I think banks do this rounding of .5 to the nearest even integer because this kind of value (.5) occurs quite a lot in monetary amounts. It has the effect of distributing evenly the rounding down and rounding up occurrences.

That can be one reason... But problem occurs if even-odd distribution has lot of variance say 100 7.5 and 1000 8.5 ......

This will be unlikely in the zillion numbers running around in banks.

It is a interesting topic you stumbled upon however I am not sure your solution is the answer

Rounding 8.55 with convert_down => 8

Since it over .5 rounding up or down should go to 9

you almost need a check just for this special case

@mbova407

Rounding 8.55 with convert_down => 8

What I mean rounding up is the default case.... eg. 4.4->4 ,4.8->5 This is rounding up that I meant

4.4->4,4.8->4 ....is rounding down that I mean..

may be my choice of words cause confusion to you...

In the old days of Numerical Control when many of the machines only understood incremental positioning and it was critical to loop to the exact same location in a program within .0001in, and the biggest integer you could possibly get was 34767, we relied on scaling and double precision to get it right. Out = SIGN(dIn) * DINT((ABS(dIn) * 10000.d0) + .5d0) / 10000.d0 (Yes that is FORTRAN)
Note that the value is scaled to the precision that you want and essentially truncated after .5 is added.

Removing the .8 from 4.8 to yield 4 is not "rounding", it is truncation.

Additionally the advice to add 0.4 is wrong and dangerous. It must not be considered a valid algorithm for dealing with rounding and truncation. All readers, please do not listen to this incorrect advice.

More rigorous logic and math need to be applied to problems of this sort than apparent but deceptively wrong "quick fixes" such as adding 0.4.

Well, satyajit's technique will work if you are only dealing with numbers with exactly one digit after the decimal point. Thus it is a very limited approach.

I see only three real world needs for converting doubles to integers:

• the classic one which you get with (int)(mynumber+0.5d)
• the bank rounding obtained with Convert.ToInt32(mynumber)
• truncating obtained by just casting to an integer

I have never encountered the need for me to decide whether 8.5 should go up or down, i.e. different from the bank rounding. Maybe satyajit should explain to us exactly what kind of rounding he is doing, i.e. the reason for why it needs to be different from the above three.

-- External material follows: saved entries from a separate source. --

(* Suppose $N$ acts locally freely on $\mu^{-1}(0)$. Then condition (S) holds (i.e. at no point $p\in\mu^{-1}(0)$ is there a nonzero $(X_1,X_2,X_3)\in\mathfrak n^3$ with $(IX_1+SX_2+TX_3)_p=0$) if and only if, for every $(a,b)\in K$, the real-linear map $\Lambda_{(a,b)}\colon \mathfrak n_{L,J}\otimes(\mathbb R\times\mathbb C)\to\mathbb C^{L\setminus J}$, $(\theta^{(1)},\theta^{(c)})\mapsto (b_k\theta^{(1)}_k+a_k\theta^{(c)}_k)_{k\in L\setminus J}$, is injective, where $J=J(a,b)$, $L=L(a,b)$.
   Context: Setting: $\mathbb C^{d,d}=\mathbb C^d\times\mathbb C^d$ with coordinates $(z,w)$, $g=\mathrm{Re}\sum_k(dz_k\,d\bar z_k-dw_k\,d\bar w_k)$, $I(z,w)=(iz,-iw)$, $S(z,w)=(w,z)$, $T=IS$; $\mathbb T^d$ acts by $(z_k,w_k)\mapsto(e^{i\theta_k}z_k,e^{i\theta_k}w_k)$, and elements of $\mathfrak n\subset\mathbb R^d$ are identified with induced vector fields. Fix $u_1,\dots,u_d\in\mathbb Z^n$ spanning $\mathbb R^n$; $\beta\colon\mathbb R^d\to\mathbb R^n$, $e_k\mapsto u_k$; $\mathfrak n=\ker\beta$ with inclusion $\iota$; $N\subset\mathbb T^d$ the kernel of the induced map $\mathbb T^d\to\mathbb T^n$. Identify $\mathbb R^d$ with its dual via the standard inner product. Fix real $\lambda^{(j)}_k$, $\lambda^{(c)}_k=\lambda^{(2)}_k+i\lambda^{(3)}_k$; $\mu_I(z,w)=\sum_k(\tfrac12(|z_k|^2+|w_k|^2)+\lambda^{(1)}_k)\iota^*e_k$, $(\mu_S+i\mu_T)(z,w)=\sum_k(iz_k\bar w_k+\lambda^{(c)}_k)\iota^*e_k$. For $(a,b)\in\mathbb R^n\times\mathbb C^n$: $a_k=\langle a,u_k\rangle-\lambda^{(1)}_k$, $b_k=\langle b,u_k\rangle-\lambda^{(c)}_k$; $K=\{(a,b):a_k\geqslant|b_k|\ \forall k\}$; $V_k=\{a_k=0=b_k\}$, $W_k=\{a_k=|b_k|\}$; $J(a,b)=\{k:(a,b)\in V_k\}$, $L(a,b)=\{k:(a,b)\in W_k\}$ (so $J\subset L$). For $A\subset\{1,\dots,d\}$ let $\mathbb R_A=\mathrm{span}\{e_k:k\in A\}$ and $A'$ its complement. Let $\mathfrak n_L=\mathfrak n\cap\mathbb R_L$ and $\mathfrak n_{L,J}\subset\mathbb R_{L\setminus J}$ the image of $\mathfrak n_L$ under orthogonal projection to $\mathbb R_{J'}$. An element of $\mathfrak n_{L,J}\otimes(\mathbb R\times\mathbb C)$ is written $(\theta^{(1)},\theta^{(c)})$ with $\theta^{(1)}\in\mathfrak n_{L,J}$, $\theta^{(c)}=\theta^{(2)}+i\theta^{(3)}$, $\theta^{(2)},\theta^{(3)}\in\mathfrak n_{L,J}$, with components $\theta^{(\cdot)}_k$. *)

From HB Require Import structures.
From mathcomp Require Import all_boot all_order all_algebra.
From mathcomp Require Import reals.
From mathcomp Require Export complex.
Set Implicit Arguments. Unset Strict Implicit. Unset Printing Implicit Defensive.
Import Order.TTheory GRing.Theory Num.Theory.
Local Open Scope ring_scope.
Local Open Scope complex_scope.

Section Toric.
Variables (R : realType) (d n : nat).
Local Notation C := R[i].

(* The integer vectors u_1..u_d in Z^n; u k j is the j-th coordinate of u_k. *)
Definition umat (u : 'I_d -> 'I_n -> int) : 'M[R]_(d, n) :=
  \matrix_(k, j) (u k j)%:~R.

(* X in n = ker beta, beta(e_k) = u_k, X : R^d *)
Definition in_nfrak (u : 'I_d -> 'I_n -> int) (X : 'I_d -> R) : Prop :=
  forall j : 'I_n, \sum_(k < d) X k * (u k j)%:~R = 0.

(* points and tangent vectors of C^{d,d} = C^d x C^d, as pairs (z, w) *)
Definition pt := (('I_d -> C) * ('I_d -> C))%type.

Definition tadd (v w : pt) : pt :=
  (fun k => v.1 k + w.1 k, fun k => v.2 k + w.2 k).
Definition tzero : pt := (fun _ => 0, fun _ => 0).

Definition Iop (v : pt) : pt := (fun k => 'i * v.1 k, fun k => - ('i * v.2 k)).
Definition Sop (v : pt) : pt := (v.2, v.1).
Definition Top (v : pt) : pt := Iop (Sop v).

(* vector field on C^{d,d} induced by X in R^d = Lie(T^d), for the action
   (z_k, w_k) |-> (e^{i theta_k} z_k, e^{i theta_k} w_k) *)
Definition vf (X : 'I_d -> R) (p : pt) : pt :=
  (fun k => 'i * (X k)%:C * p.1 k, fun k => 'i * (X k)%:C * p.2 k).

Definition lamc (lam2 lam3 : 'I_d -> R) (k : 'I_d) : C := (lam2 k +i* lam3 k).

(* p in mu^{-1}(0): mu_I(p) = 0 and (mu_S + i mu_T)(p) = 0 in n^*;
   iota^* e_k evaluated at X in n is X_k. *)
Definition in_mu0 (u : 'I_d -> 'I_n -> int) (lam1 lam2 lam3 : 'I_d -> R)
    (p : pt) : Prop :=
  (forall X, in_nfrak u X ->
     \sum_(k < d) ((2%:R)^-1 * (`|p.1 k| ^+ 2 + `|p.2 k| ^+ 2) + (lam1 k)%:C)
                  * (X k)%:C = 0) /\
  (forall X, in_nfrak u X ->
     \sum_(k < d) ('i * p.1 k * (p.2 k)^* + lamc lam2 lam3 k) * (X k)%:C = 0).

(* N acts locally freely on mu^{-1}(0): the infinitesimal action of n is
   injective at every point of mu^{-1}(0) (all stabilisers are discrete). *)
Definition locally_free u lam1 lam2 lam3 : Prop :=
  forall p, in_mu0 u lam1 lam2 lam3 p ->
  forall X, in_nfrak u X -> vf X p = tzero -> X = (fun _ => 0).

Definition condS u lam1 lam2 lam3 : Prop :=
  forall p, in_mu0 u lam1 lam2 lam3 p ->
  forall X1 X2 X3, in_nfrak u X1 -> in_nfrak u X2 -> in_nfrak u X3 ->
  tadd (tadd (Iop (vf X1 p)) (Sop (vf X2 p))) (Top (vf X3 p)) = tzero ->
  [/\ X1 = (fun _ => 0), X2 = (fun _ => 0) & X3 = (fun _ => 0)].

Definition ak u (lam1 : 'I_d -> R) (a : 'I_n -> R) (k : 'I_d) : R :=
  \sum_(j < n) a j * (u k j)%:~R - lam1 k.
Definition bk u (lam2 lam3 : 'I_d -> R) (b : 'I_n -> C) (k : 'I_d) : C :=
  \sum_(j < n) b j * ((u k j)%:~R)%:C - lamc lam2 lam3 k.

Definition inK u lam1 lam2 lam3 a b : Prop :=
  forall k, `|bk u lam2 lam3 b k| <= (ak u lam1 a k)%:C.

Definition Jset u lam1 lam2 lam3 a b (k : 'I_d) : bool :=
  (ak u lam1 a k == 0) && (bk u lam2 lam3 b k == 0).
Definition Lset u lam1 lam2 lam3 a b (k : 'I_d) : bool :=
  (ak u lam1 a k)%:C == `|bk u lam2 lam3 b k|.

(* n_{L,J}: image of n_L = n \cap R_L under orthogonal projection to R_{J'} *)
Definition in_nLJ u (Lp Jp : 'I_d -> bool) (th : 'I_d -> R) : Prop :=
  exists X, [/\ in_nfrak u X, (forall k, ~~ Lp k -> X k = 0) &
            th = (fun k => if Jp k then 0 else X k)].

(* Lambda_{(a,b)} : n_{L,J} (x) (R x C) -> C^{L \ J}; elements of C^{L\J}
   are represented as functions 'I_d -> C vanishing outside L \ J. *)
Definition Lambda u lam1 lam2 lam3 a b
    (th : ('I_d -> R) * ('I_d -> R) * ('I_d -> R)) : 'I_d -> C :=
  fun k => if Lset u lam1 lam2 lam3 a b k && ~~ Jset u lam1 lam2 lam3 a b k
    then bk u lam2 lam3 b k * (th.1.1 k)%:C
         + (ak u lam1 a k)%:C * (th.1.2 k +i* th.2 k)
    else 0.

Definition Lambda_injective u lam1 lam2 lam3 a b : Prop :=
  let Lp := Lset u lam1 lam2 lam3 a b in
  let Jp := Jset u lam1 lam2 lam3 a b in
  forall x y : ('I_d -> R) * ('I_d -> R) * ('I_d -> R),
    in_nLJ u Lp Jp x.1.1 -> in_nLJ u Lp Jp x.1.2 -> in_nLJ u Lp Jp x.2 ->
    in_nLJ u Lp Jp y.1.1 -> in_nLJ u Lp Jp y.1.2 -> in_nLJ u Lp Jp y.2 ->
    Lambda u lam1 lam2 lam3 a b x = Lambda u lam1 lam2 lam3 a b y -> x = y.

End Toric.

From Pilot Require Import Defs.
From HB Require Import structures.
From mathcomp Require Import all_boot all_order all_algebra.
From mathcomp Require Import reals complex.
From mathcomp Require Import ring.
From Stdlib Require Import FunctionalExtensionality.
Import Order.TTheory GRing.Theory Num.Theory.
Local Open Scope complex_scope.
Local Open Scope ring_scope.

(* Over a point p = (z, w) of mu^{-1}(0) the moment conditions say exactly that
   a_k = (|z_k|^2 + |w_k|^2) / 2 and b_k = i z_k conj(w_k) for some (a, b),
   necessarily in K, and every (a, b) in K arises this way (the annihilator of
   n is spanned by the u_k).  In the k-th coordinate, I X1 + S X2 + T X3
   vanishes iff c = X1_k, th = X2_k + i X3_k satisfy [ist_null]; this forces
   c = th = 0 when |z_k| <> |w_k| (k outside L), is void when z_k = w_k = 0
   (k in J), and reads b_k c + a_k th = 0 on L \ J.  So the vanishing
   combinations, with their J-coordinates dropped, form the kernel of
   Lambda_(a,b); what is left is supported on J, where local freeness
   applies. *)

Section PointwiseAlgebra.
Context {C : numClosedFieldType}.
Implicit Types (c th z w A be : C).

Definition momentA z w : C := 2^-1 * (`|z| ^+ 2 + `|w| ^+ 2).
Definition momentB z w : C := 'i * z * w^*.

(* The z- and w-coordinates of I X1 + S X2 + T X3 at (z, w), where
   c = X1_k and th = X2_k + i X3_k. *)
Definition ist_null c th z w : Prop :=
  'i * th * w - c * z = 0 /\ c * w + 'i * th^* * z = 0.

Lemma ist_nullE {c1 c2 c3 z w} : c2^* = c2 -> c3^* = c3 ->
  ist_null c1 (c2 + 'i * c3) z w <->
  'i * ('i * c1 * z) + 'i * c2 * w + 'i * ('i * c3 * w) = 0 /\
  - ('i * ('i * c1 * w)) + 'i * c2 * z + - ('i * ('i * c3 * z)) = 0.
Proof.
move=> c2_real c3_real.
have e1 : 'i * ('i * c1 * z) + 'i * c2 * w + 'i * ('i * c3 * w)
          = 'i * (c2 + 'i * c3) * w - c1 * z.
  apply/eqP; rewrite -subr_eq0; apply/eqP.
  transitivity (('i ^+ 2 + 1) * (c1 * z)); first by ring.
  by rewrite sqrCi addNr mul0r.
have e2 : - ('i * ('i * c1 * w)) + 'i * c2 * z + - ('i * ('i * c3 * z))
          = c1 * w + 'i * (c2 + 'i * c3)^* * z.
  rewrite rmorphD rmorphM /= conjCi c2_real c3_real.
  apply/eqP; rewrite -subr_eq0; apply/eqP.
  transitivity (- ('i ^+ 2 + 1) * (c1 * w)); first by ring.
  by rewrite sqrCi addNr oppr0 mul0r.
by rewrite e1 e2.
Qed.

Lemma momentA_subr_normB z w :
  momentA z w - `|momentB z w| = 2^-1 * (`|z| - `|w|) ^+ 2.
Proof.
by rewrite /momentB !normrM normCi mul1r norm_conjC /momentA; field.
Qed.

Lemma normB_le_momentA z w : `|momentB z w| <= momentA z w.
Proof.
rewrite -subr_ge0 momentA_subr_normB.
by rewrite mulr_ge0 ?invr_ge0 ?ler0n ?real_exprn_even_ge0 // realB // normr_real.
Qed.

Lemma momentA_eq_normB z w : (momentA z w == `|momentB z w|) = (`|z| == `|w|).
Proof.
rewrite -subr_eq0 momentA_subr_normB mulf_eq0 invr_eq0 pnatr_eq0 /=.
by rewrite expf_eq0 /= subr_eq0.
Qed.

Lemma momentA_eq0 z w : (momentA z w == 0) = (z == 0) && (w == 0).
Proof.
rewrite mulf_eq0 invr_eq0 pnatr_eq0 /= paddr_eq0 ?exprn_ge0 ?normr_ge0 //.
by rewrite !expf_eq0 /= !normr_eq0.
Qed.

Lemma momentA_of_eq_norm z w : `|z| = `|w| -> momentA z w = `|z| ^+ 2.
Proof. by move=> zw; rewrite /momentA -zw; field. Qed.

(* Take w = sqrt (A + sqrt (A^2 - |be|^2)) >= 0 and z = - i be / w. *)
Lemma moment_onto A be : `|be| <= A ->
  exists z w, A = momentA z w /\ be = momentB z w.
Proof.
move=> le_be_A.
have A_ge0 : 0 <= A := le_trans (normr_ge0 _) le_be_A.
set D := sqrtC (A ^+ 2 - `|be| ^+ 2).
have D_ge0 : 0 <= D by rewrite sqrtC_ge0 subr_ge0 ler_pXn2r // nnegrE.
have normbe2 : `|be| ^+ 2 = A ^+ 2 - D ^+ 2 by rewrite sqrtCK opprB addrC subrK.
set w := sqrtC (A + D).
have w_ge0 : 0 <= w by rewrite sqrtC_ge0 addr_ge0.
have w2 : w ^+ 2 = A + D by rewrite sqrtCK.
have [w0|wN0] := eqVneq w 0.
  have /eqP : A + D = 0 by rewrite -w2 w0 expr0n.
  rewrite paddr_eq0 // => /andP[/eqP A0 /eqP D0].
  have be0 : be = 0.
    by apply/eqP; rewrite -normr_eq0 -sqrf_eq0 normbe2 A0 D0 expr0n subr0.
  exists 0, 0; rewrite /momentA /momentB be0 A0 normr0 expr0n.
  by split; rewrite !(mulr0, mul0r, addr0).
have AD_neq0 : A + D != 0 by rewrite -w2 expf_eq0 wN0.
exists (- 'i * be / w), w; split.
  rewrite /momentA !normrM normrN normCi mul1r normfV (ger0_norm w_ge0).
  by rewrite expr_div_n w2 normbe2; field.
rewrite /momentB (conj_Creal (ger0_real w_ge0)).
transitivity (- ('i ^+ 2) * be); first by rewrite sqrCi opprK mul1r.
by field.
Qed.

Lemma ist_null_off {c th z w} : c^* = c -> `|z| != `|w| ->
  ist_null c th z w -> c = 0 /\ th = 0.
Proof.
move=> c_real zw [/eqP e1 /eqP e2]; move: e1 e2.
rewrite subr_eq0 addr_eq0 => /eqP e1 /eqP e2.
have e3 : c * w^* = 'i * th * z^*.
  by rewrite -c_real -rmorphM e2 rmorphN !rmorphM /= conjCi conjCK; ring.
have e4 : 'i * th * (w * w^* - z * z^*) = 0.
  transitivity ((c * z) * w^* - z * ('i * th * z^*)); first by rewrite -e1; ring.
  by rewrite -e3; ring.
have ww_zz : w * w^* - z * z^* != 0.
  by rewrite -!normCK subr_eq0 eqrXn2 // eq_sym.
have th0 : th = 0.
  by move/eqP: e4; rewrite !mulf_eq0 (negbTE ww_zz) (negbTE (neq0Ci _)) orbF => /eqP.
split=> //; move: e1 e2; rewrite th0 rmorph0 !(mulr0, mul0r, oppr0).
move=> /esym/eqP; rewrite mulf_eq0 => /orP[/eqP // | /eqP z0].
move=> /eqP; rewrite mulf_eq0 => /orP[/eqP // | /eqP w0].
by move: zw; rewrite z0 w0 eqxx.
Qed.

Lemma ist_nullE_on {c th z w} : c^* = c -> `|z| = `|w| -> z != 0 ->
  ist_null c th z w <-> momentB z w * c + momentA z w * th = 0.
Proof.
move=> c_real zw z0; rewrite momentA_of_eq_norm // /momentB.
have ww : `|z| ^+ 2 = w * w^* by rewrite zw normCK.
have zz : `|z| ^+ 2 = z * z^* by rewrite normCK.
have z2_neq0 : `|z| ^+ 2 != 0 by rewrite expf_eq0 normr_eq0 (negbTE z0) andbF.
split=> [[e1 _] | e].
  rewrite ww; transitivity
    (- ('i * w^* * ('i * th * w - c * z)) + ('i ^+ 2 + 1) * (th * w * w^*)).
    by ring.
  by rewrite e1 sqrCi addNr !(mul0r, mulr0, oppr0, add0r).
have e' : `|z| ^+ 2 * th^* - 'i * z^* * w * c = 0.
  have := congr1 Num.conj e; rewrite rmorph0 rmorphD !rmorphM /= conjCK conjCi.
  by rewrite c_real (conj_Creal (normr_real z)) => <-; ring.
split; apply: (mulfI z2_neq0); rewrite mulr0.
  transitivity ('i * w * ('i * z * w^* * c + `|z| ^+ 2 * th)
               - ('i ^+ 2 + 1) * (c * z * (w * w^*))).
    by rewrite ww; ring.
  by rewrite e sqrCi addNr !mulr0 mul0r subr0.
transitivity ('i * z * (`|z| ^+ 2 * th^* - 'i * z^* * w * c)
             + ('i ^+ 2 + 1) * (c * w * (z * z^*))).
  by rewrite zz; ring.
by rewrite e' sqrCi addNr !mulr0 mul0r addr0.
Qed.

End PointwiseAlgebra.

Section Toric.
Variables (R : realType) (d n : nat) (u : 'I_d -> 'I_n -> int).
Local Notation C := R[i].

Lemma complex_of_pair (x y : R) : (x +i* y) = x%:C + 'i * y%:C :> C.
Proof. by rewrite [RHS]complexE /=; simpc. Qed.

Lemma real_complex_real (x : R) : (x%:C : C) \is Num.real.
Proof. by apply/complex_realP; exists x. Qed.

Hi..Sorry for late reply ...Let me tell you where I needed this type of approach...

I am working on a plan management tool where user has to give their estimate.. user can give estimate like 8.4,8.6 etc... It means 8 days and .4 of another day....

Now when we generate a report client needed x.4=>x , x.6=>x+1 , x.5=>x+1

So I tried conver.toint32 ...but as I told it has its problem which didnt suit my set of decimals

So we used Math.Round(8.5,MidpointRounding.AwayFromZero)

now (int)(mynumber+0.5d) is another way to do the same ....

while doing this I found this way to be very flexible...

Say tommorow my client say they need x.4=>x , x.6=>x+1 , x.5=>x which I think is not unlikely

Please let me know how will you do it if you are aware of some other better approach ?

Just writing that its just a quick fix will not help me to learn(for which I am in this forum :) )

Also @dishdy Well, satyajit's technique will work if you are only dealing with numbers with exactly one digit after the decimal point. Thus it is a very limited approach.

8.566 => 9 ... using (int)(mynumber+0.5d)

8.566 => 8 ... using (int)(mynumber+0.4d)

is it wrong ? Please let me know ...

satyajit,

So you are confirming that you are using this for numbers having only one digit after the decimal point.

Yet you are saying it is also valid for numbers like 8.566. I have never encountered a problem where all numbers in the range X.0 to X.5999999... should be rounded down to X and all numbers in the range X.6 to X.999999... should be rounded up to X+1.

@dishdy Yes ...in my project upyo 1 digit....

What I meant was it will work(8.566...) isnt it?

I am not saying that this will/will not occur in a real situation....(never mentioned too...)..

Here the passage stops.